__Exercise details__
Everything in the data below is left aside except the lines from the one containing "a generator of" through the one containing "all_fingroup all_solvable all_algebra."; repeat those exactly.

__Task data__
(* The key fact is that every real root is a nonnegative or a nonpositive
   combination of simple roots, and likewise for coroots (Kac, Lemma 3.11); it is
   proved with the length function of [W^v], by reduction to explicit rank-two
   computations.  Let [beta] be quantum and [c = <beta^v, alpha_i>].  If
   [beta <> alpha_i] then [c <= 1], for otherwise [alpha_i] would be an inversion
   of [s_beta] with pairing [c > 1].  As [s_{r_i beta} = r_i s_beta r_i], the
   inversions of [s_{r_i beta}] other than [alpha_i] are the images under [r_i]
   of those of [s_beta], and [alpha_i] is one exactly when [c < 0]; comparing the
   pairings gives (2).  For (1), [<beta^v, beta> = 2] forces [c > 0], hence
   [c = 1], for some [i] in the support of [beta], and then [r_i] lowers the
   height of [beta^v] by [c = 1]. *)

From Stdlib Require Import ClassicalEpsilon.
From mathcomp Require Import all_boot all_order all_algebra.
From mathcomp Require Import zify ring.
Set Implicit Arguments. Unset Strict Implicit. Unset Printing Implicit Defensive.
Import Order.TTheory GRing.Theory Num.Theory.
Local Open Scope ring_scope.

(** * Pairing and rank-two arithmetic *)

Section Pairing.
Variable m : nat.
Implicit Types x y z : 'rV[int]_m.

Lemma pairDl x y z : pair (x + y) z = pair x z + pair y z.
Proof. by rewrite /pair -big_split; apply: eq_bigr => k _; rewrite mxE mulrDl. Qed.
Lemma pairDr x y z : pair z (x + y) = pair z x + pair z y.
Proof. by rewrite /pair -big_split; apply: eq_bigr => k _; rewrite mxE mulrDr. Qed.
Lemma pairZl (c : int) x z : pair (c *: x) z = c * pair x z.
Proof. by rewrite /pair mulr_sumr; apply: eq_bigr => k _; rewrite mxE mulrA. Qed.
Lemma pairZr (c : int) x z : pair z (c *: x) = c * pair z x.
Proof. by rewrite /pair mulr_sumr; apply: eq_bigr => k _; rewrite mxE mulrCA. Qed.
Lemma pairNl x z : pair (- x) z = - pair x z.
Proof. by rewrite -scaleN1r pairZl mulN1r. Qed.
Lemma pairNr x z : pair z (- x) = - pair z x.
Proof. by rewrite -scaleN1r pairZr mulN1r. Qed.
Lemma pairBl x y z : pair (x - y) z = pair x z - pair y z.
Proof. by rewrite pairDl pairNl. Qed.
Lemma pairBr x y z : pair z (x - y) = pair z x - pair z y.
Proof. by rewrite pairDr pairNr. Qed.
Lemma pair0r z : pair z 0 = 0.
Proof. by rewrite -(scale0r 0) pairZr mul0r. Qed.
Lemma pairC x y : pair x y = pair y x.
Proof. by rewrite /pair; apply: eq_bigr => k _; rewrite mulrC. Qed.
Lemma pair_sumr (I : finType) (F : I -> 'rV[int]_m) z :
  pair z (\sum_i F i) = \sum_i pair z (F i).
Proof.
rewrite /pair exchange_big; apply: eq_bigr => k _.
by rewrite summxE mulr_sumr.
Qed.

--

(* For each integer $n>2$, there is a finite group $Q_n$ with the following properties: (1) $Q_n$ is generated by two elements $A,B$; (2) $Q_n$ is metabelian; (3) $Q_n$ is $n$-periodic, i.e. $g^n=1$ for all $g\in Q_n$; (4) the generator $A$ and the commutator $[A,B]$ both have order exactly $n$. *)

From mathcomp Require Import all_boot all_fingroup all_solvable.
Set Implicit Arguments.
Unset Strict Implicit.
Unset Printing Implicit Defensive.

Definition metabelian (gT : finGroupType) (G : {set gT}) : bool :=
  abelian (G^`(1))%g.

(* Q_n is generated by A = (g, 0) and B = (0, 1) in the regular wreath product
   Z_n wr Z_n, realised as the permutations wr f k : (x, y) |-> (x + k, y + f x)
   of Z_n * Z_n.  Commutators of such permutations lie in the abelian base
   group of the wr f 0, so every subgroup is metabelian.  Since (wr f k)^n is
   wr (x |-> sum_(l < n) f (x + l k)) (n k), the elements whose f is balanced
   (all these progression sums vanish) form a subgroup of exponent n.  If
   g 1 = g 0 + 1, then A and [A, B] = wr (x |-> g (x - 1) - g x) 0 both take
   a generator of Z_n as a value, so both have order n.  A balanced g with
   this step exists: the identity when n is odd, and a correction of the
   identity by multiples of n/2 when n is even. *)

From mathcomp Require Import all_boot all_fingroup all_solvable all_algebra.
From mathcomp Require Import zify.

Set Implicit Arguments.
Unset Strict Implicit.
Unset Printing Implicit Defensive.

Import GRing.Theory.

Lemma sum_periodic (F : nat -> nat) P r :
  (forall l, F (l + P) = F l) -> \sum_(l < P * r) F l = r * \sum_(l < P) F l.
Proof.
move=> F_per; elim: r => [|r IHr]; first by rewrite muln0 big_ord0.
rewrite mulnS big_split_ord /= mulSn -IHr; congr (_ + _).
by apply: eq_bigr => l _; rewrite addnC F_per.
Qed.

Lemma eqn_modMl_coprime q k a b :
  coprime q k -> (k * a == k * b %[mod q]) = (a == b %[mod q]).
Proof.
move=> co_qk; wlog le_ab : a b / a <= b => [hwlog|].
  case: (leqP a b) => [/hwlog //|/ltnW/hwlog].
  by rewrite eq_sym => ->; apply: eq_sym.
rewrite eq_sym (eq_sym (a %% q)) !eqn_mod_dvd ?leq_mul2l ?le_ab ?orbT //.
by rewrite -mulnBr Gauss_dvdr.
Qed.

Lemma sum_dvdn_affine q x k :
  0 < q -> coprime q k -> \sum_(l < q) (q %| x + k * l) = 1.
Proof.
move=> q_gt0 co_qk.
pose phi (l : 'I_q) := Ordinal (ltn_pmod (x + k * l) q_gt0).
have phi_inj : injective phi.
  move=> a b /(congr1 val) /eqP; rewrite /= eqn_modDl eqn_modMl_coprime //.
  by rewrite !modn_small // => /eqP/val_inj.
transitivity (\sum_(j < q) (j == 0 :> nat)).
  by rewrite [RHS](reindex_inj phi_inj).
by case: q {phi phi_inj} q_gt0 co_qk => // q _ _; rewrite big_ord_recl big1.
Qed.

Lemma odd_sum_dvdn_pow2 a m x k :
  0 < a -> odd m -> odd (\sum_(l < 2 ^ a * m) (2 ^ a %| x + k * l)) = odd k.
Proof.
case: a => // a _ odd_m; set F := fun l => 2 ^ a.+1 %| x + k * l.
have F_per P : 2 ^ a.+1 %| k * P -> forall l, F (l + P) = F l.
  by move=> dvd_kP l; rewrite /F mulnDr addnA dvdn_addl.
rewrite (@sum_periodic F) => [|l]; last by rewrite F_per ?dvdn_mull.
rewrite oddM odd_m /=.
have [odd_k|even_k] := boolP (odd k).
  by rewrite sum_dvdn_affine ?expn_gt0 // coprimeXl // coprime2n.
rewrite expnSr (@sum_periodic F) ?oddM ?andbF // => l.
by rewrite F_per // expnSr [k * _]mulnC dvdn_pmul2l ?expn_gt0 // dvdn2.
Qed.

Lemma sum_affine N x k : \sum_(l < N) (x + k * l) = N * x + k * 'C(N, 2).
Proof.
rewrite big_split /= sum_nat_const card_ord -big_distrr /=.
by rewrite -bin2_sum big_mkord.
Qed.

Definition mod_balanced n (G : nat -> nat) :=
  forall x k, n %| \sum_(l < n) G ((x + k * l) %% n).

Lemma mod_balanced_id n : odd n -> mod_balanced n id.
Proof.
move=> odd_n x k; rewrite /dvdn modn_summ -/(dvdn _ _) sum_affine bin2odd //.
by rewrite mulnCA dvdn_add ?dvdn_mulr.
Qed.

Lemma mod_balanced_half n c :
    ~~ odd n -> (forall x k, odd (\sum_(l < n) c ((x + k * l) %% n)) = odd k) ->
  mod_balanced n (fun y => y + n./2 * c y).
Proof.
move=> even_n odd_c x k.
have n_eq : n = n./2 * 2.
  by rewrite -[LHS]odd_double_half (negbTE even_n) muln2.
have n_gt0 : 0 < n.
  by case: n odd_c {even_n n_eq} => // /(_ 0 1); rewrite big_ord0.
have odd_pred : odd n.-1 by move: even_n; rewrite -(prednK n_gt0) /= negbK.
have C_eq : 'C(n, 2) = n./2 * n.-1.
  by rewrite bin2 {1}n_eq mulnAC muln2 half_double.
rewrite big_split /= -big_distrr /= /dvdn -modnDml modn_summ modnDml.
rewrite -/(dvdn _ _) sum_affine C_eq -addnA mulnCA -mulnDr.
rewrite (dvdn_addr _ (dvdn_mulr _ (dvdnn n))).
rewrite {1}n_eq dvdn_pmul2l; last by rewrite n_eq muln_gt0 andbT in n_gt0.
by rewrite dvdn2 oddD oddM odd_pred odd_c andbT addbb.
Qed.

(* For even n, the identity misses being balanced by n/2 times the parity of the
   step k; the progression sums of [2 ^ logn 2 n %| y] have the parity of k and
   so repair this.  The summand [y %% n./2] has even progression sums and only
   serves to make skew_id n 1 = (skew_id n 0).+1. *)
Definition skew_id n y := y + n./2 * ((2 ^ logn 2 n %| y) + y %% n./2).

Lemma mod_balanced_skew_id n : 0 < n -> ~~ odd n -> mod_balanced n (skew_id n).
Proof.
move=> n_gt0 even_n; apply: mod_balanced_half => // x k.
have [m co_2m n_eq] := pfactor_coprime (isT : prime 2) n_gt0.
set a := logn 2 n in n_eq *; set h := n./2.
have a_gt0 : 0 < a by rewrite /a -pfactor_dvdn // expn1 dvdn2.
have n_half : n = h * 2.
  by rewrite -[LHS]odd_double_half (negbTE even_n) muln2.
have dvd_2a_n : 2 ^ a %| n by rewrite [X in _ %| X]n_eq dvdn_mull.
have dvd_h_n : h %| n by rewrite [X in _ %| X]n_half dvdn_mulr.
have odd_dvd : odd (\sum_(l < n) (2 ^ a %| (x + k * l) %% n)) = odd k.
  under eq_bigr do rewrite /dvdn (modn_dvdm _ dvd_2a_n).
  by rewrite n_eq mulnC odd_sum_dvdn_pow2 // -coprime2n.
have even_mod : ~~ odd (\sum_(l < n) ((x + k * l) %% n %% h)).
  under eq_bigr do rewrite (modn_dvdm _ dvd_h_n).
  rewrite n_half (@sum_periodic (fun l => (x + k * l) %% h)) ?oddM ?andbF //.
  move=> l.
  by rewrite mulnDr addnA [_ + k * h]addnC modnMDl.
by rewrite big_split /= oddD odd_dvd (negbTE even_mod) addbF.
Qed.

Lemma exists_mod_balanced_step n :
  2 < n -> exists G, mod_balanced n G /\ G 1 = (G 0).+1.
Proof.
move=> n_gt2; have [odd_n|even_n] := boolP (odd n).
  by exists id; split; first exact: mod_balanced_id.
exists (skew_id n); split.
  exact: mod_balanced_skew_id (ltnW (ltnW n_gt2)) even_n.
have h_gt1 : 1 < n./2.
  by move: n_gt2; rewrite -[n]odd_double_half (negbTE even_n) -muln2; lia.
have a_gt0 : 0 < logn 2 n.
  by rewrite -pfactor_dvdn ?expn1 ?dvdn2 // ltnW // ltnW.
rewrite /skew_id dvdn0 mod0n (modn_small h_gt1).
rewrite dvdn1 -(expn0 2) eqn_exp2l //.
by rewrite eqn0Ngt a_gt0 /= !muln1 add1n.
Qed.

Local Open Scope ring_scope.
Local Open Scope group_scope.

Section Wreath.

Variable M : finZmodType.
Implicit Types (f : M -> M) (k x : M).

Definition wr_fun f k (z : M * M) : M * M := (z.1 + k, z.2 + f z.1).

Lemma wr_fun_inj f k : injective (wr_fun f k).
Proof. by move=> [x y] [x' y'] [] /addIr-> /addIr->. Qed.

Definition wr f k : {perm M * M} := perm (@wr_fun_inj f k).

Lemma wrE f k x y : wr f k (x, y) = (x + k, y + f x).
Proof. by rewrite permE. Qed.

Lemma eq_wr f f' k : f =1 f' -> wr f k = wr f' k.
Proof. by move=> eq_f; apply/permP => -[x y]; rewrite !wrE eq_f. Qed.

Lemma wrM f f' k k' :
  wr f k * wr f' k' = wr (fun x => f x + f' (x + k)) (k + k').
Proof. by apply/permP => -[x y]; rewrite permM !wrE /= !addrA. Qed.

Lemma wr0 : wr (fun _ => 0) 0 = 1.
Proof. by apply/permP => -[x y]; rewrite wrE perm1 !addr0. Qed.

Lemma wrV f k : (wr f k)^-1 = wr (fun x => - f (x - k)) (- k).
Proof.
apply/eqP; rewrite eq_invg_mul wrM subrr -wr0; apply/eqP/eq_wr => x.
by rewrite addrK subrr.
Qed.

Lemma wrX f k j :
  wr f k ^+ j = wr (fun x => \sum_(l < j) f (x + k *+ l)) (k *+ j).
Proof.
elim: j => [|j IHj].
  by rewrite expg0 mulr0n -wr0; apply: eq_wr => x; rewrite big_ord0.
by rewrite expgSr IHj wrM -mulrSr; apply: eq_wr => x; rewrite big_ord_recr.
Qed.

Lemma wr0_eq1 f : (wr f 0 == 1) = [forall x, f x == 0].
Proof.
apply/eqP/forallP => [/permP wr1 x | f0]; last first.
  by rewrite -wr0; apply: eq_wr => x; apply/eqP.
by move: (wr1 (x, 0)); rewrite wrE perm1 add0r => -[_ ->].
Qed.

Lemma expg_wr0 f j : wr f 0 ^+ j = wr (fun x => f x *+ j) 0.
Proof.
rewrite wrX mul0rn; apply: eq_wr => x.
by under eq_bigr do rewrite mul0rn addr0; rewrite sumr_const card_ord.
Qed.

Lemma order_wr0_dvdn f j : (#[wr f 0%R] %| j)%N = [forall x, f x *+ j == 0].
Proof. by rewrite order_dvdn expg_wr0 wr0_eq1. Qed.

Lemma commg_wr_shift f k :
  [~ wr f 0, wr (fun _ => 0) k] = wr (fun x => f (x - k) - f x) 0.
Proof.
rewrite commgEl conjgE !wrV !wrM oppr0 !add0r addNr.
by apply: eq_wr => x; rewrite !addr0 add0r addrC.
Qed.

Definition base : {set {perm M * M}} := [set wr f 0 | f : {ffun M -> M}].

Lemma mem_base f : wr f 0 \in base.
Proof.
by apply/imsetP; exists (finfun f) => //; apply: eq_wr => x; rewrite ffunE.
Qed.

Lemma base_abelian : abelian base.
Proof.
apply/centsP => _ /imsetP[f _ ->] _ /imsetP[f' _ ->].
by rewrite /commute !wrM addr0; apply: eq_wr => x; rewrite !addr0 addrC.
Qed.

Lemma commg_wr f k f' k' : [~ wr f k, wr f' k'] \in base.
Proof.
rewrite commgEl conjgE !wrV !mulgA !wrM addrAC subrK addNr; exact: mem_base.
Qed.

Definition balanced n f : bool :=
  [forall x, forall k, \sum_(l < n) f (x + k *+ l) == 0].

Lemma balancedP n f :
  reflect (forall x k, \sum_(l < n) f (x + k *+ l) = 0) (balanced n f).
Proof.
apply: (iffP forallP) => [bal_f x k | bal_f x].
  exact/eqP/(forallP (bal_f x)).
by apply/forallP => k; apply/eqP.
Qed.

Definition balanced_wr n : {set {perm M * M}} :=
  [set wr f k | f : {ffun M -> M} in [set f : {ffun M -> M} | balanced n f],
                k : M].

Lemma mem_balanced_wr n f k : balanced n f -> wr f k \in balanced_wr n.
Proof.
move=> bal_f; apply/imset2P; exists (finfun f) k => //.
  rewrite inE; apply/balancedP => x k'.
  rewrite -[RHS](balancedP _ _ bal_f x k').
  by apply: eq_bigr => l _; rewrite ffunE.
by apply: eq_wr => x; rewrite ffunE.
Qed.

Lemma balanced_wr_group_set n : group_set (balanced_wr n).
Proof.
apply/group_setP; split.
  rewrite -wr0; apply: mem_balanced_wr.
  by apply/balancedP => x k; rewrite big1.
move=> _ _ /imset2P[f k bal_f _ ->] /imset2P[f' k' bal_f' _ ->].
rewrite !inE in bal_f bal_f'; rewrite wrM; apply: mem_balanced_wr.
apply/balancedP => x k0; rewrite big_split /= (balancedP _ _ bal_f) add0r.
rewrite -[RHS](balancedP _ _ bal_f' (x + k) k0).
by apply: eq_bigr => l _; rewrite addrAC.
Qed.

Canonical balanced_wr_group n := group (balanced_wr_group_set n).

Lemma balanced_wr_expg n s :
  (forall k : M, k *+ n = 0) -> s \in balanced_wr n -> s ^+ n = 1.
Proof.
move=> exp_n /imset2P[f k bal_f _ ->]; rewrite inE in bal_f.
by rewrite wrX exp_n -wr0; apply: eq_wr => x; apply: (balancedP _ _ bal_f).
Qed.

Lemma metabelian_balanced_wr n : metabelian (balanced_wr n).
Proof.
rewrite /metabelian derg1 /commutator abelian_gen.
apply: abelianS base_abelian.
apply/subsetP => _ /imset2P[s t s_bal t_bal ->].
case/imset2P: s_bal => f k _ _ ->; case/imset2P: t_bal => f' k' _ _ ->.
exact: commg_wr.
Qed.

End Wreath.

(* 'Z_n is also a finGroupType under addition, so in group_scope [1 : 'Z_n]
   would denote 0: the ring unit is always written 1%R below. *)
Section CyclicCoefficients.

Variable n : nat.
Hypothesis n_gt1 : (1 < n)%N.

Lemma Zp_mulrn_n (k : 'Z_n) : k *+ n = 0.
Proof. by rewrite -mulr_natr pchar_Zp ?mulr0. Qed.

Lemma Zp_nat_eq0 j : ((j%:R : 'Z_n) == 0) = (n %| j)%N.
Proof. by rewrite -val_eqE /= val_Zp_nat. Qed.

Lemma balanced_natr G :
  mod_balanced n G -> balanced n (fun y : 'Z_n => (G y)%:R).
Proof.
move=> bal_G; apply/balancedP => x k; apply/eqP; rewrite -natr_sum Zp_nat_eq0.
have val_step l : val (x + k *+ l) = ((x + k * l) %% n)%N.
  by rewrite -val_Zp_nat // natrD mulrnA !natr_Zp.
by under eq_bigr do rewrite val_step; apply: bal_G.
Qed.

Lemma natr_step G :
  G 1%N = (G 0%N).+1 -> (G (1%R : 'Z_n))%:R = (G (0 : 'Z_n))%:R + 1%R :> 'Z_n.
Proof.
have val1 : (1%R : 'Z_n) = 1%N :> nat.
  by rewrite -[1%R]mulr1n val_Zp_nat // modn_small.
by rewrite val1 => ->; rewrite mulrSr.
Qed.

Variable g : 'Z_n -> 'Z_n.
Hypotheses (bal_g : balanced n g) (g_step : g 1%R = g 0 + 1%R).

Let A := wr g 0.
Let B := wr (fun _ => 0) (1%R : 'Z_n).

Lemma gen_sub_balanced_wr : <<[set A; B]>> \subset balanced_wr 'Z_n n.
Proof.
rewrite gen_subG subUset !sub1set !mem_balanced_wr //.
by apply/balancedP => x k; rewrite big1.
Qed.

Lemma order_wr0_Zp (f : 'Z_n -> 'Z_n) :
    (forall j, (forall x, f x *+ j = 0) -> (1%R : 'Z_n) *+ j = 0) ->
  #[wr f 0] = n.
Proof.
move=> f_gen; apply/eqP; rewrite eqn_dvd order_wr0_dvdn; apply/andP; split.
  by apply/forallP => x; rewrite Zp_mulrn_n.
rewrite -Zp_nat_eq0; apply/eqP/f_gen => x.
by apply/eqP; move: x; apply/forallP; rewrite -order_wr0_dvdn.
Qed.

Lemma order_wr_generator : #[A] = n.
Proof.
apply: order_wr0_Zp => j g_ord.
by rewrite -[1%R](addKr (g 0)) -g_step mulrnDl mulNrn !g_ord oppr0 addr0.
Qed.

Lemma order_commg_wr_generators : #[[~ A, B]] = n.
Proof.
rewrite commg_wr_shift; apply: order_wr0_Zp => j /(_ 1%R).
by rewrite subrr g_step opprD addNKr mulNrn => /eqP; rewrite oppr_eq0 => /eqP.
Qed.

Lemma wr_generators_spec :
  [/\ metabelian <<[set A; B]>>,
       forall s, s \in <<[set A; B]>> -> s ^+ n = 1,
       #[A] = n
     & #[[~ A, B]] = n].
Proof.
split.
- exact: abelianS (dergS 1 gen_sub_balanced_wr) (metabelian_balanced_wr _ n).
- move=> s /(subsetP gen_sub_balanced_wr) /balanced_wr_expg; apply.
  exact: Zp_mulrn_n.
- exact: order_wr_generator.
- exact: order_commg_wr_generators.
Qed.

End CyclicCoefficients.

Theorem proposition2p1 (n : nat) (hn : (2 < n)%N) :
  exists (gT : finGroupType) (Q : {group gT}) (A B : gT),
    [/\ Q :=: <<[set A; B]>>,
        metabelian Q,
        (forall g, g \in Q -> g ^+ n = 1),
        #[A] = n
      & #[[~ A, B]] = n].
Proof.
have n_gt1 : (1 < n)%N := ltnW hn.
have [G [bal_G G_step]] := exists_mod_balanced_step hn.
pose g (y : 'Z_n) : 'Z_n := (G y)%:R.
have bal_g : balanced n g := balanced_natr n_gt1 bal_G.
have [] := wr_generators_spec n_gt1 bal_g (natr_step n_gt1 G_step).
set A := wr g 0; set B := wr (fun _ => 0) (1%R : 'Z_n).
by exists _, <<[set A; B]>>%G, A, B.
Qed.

__Task answer__
   a generator of Z_n as a value, so both have order n.  A balanced g with
   this step exists: the identity when n is odd, and a correction of the
   identity by multiples of n/2 when n is even. *)

From mathcomp Require Import all_boot all_fingroup all_solvable all_algebra.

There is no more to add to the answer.